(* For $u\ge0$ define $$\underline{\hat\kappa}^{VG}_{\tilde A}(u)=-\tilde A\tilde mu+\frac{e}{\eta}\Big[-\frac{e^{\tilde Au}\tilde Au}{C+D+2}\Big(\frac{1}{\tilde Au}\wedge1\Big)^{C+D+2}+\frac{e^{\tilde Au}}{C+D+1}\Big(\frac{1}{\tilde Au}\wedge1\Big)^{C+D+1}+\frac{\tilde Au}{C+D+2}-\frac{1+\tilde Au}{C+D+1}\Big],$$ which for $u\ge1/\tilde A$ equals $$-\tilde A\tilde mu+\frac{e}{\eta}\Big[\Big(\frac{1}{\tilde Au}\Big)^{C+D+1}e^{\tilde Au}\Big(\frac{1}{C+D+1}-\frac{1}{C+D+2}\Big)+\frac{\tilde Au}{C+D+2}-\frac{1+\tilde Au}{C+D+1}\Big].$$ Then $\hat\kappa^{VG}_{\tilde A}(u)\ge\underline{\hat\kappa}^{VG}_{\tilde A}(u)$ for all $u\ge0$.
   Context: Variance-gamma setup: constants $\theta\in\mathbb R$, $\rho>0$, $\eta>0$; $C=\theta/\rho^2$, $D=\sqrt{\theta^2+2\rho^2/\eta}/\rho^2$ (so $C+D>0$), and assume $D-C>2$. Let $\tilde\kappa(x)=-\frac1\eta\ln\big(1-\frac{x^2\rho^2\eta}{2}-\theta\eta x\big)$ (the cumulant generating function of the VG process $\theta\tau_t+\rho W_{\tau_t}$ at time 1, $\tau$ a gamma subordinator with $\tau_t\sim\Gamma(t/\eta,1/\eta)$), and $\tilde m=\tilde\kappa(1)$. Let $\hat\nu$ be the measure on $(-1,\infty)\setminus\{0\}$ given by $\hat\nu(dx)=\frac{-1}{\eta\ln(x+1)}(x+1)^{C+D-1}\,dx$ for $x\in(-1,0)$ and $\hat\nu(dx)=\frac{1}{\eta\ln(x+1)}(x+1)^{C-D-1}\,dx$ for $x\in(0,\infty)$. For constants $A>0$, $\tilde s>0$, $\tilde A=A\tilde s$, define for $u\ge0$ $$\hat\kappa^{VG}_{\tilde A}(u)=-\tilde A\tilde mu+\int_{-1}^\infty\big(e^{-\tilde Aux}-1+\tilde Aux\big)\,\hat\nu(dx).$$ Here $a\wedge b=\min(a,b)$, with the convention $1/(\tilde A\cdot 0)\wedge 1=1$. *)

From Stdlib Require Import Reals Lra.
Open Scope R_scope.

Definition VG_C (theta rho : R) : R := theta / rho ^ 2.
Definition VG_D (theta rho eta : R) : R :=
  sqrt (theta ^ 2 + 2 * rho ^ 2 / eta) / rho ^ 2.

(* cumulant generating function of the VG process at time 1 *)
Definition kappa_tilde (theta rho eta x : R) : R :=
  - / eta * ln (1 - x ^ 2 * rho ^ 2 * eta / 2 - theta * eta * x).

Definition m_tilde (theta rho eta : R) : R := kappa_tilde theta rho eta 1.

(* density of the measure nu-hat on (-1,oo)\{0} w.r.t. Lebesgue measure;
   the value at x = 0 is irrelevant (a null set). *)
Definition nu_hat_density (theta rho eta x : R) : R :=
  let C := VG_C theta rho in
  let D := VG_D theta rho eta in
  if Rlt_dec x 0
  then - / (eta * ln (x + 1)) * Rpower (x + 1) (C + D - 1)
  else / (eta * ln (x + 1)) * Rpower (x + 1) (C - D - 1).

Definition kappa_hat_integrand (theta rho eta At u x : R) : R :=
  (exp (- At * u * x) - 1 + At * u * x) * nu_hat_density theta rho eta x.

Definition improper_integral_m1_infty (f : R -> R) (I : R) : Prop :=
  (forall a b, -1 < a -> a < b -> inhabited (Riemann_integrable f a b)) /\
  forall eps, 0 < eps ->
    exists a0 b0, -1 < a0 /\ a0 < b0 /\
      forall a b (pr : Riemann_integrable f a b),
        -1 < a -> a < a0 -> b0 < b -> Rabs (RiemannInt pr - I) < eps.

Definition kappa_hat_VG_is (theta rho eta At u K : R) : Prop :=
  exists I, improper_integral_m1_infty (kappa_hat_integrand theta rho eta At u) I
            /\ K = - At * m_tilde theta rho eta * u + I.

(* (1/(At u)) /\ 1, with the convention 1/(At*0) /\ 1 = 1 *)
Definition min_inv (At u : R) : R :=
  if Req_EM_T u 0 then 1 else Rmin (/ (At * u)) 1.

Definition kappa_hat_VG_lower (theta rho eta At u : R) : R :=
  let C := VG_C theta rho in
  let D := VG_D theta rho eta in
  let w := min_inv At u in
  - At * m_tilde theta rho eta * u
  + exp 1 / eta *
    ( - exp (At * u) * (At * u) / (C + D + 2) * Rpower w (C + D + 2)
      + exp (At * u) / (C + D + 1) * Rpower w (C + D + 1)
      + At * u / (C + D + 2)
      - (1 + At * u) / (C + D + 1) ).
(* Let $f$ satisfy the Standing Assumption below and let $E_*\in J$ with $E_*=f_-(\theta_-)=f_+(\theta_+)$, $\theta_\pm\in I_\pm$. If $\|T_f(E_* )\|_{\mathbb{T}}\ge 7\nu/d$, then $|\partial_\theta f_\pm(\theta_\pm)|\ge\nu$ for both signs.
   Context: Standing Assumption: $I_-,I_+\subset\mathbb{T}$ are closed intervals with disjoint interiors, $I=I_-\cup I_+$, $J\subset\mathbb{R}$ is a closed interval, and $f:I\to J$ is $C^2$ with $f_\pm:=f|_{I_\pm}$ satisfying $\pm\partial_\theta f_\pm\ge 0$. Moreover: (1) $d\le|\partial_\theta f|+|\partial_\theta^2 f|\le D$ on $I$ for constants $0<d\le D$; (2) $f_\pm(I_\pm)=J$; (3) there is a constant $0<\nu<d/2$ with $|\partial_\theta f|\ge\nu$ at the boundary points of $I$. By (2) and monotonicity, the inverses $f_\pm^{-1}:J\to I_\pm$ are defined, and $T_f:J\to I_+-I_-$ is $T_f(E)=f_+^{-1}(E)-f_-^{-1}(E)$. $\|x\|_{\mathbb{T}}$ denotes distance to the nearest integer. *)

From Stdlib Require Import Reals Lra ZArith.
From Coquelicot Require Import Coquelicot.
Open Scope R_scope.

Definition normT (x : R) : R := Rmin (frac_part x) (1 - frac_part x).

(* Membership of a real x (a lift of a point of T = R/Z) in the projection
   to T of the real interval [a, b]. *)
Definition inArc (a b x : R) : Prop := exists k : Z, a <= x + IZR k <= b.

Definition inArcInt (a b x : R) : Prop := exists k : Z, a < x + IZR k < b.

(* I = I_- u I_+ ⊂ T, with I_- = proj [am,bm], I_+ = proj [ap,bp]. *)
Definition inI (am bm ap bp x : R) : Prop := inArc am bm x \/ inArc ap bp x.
* * * * * * *
Reproduce only the lines above, starting at the line with "forall eps, 0 < eps ->" and ending at the line with "exists I, improper_integral_m1_infty", exactly as written.

WORKED SOLUTION:
  forall eps, 0 < eps ->
    exists a0 b0, -1 < a0 /\ a0 < b0 /\
      forall a b (pr : Riemann_integrable f a b),
        -1 < a -> a < a0 -> b0 < b -> Rabs (RiemannInt pr - I) < eps.

Definition kappa_hat_VG_is (theta rho eta At u K : R) : Prop :=
  exists I, improper_integral_m1_infty (kappa_hat_integrand theta rho eta At u) I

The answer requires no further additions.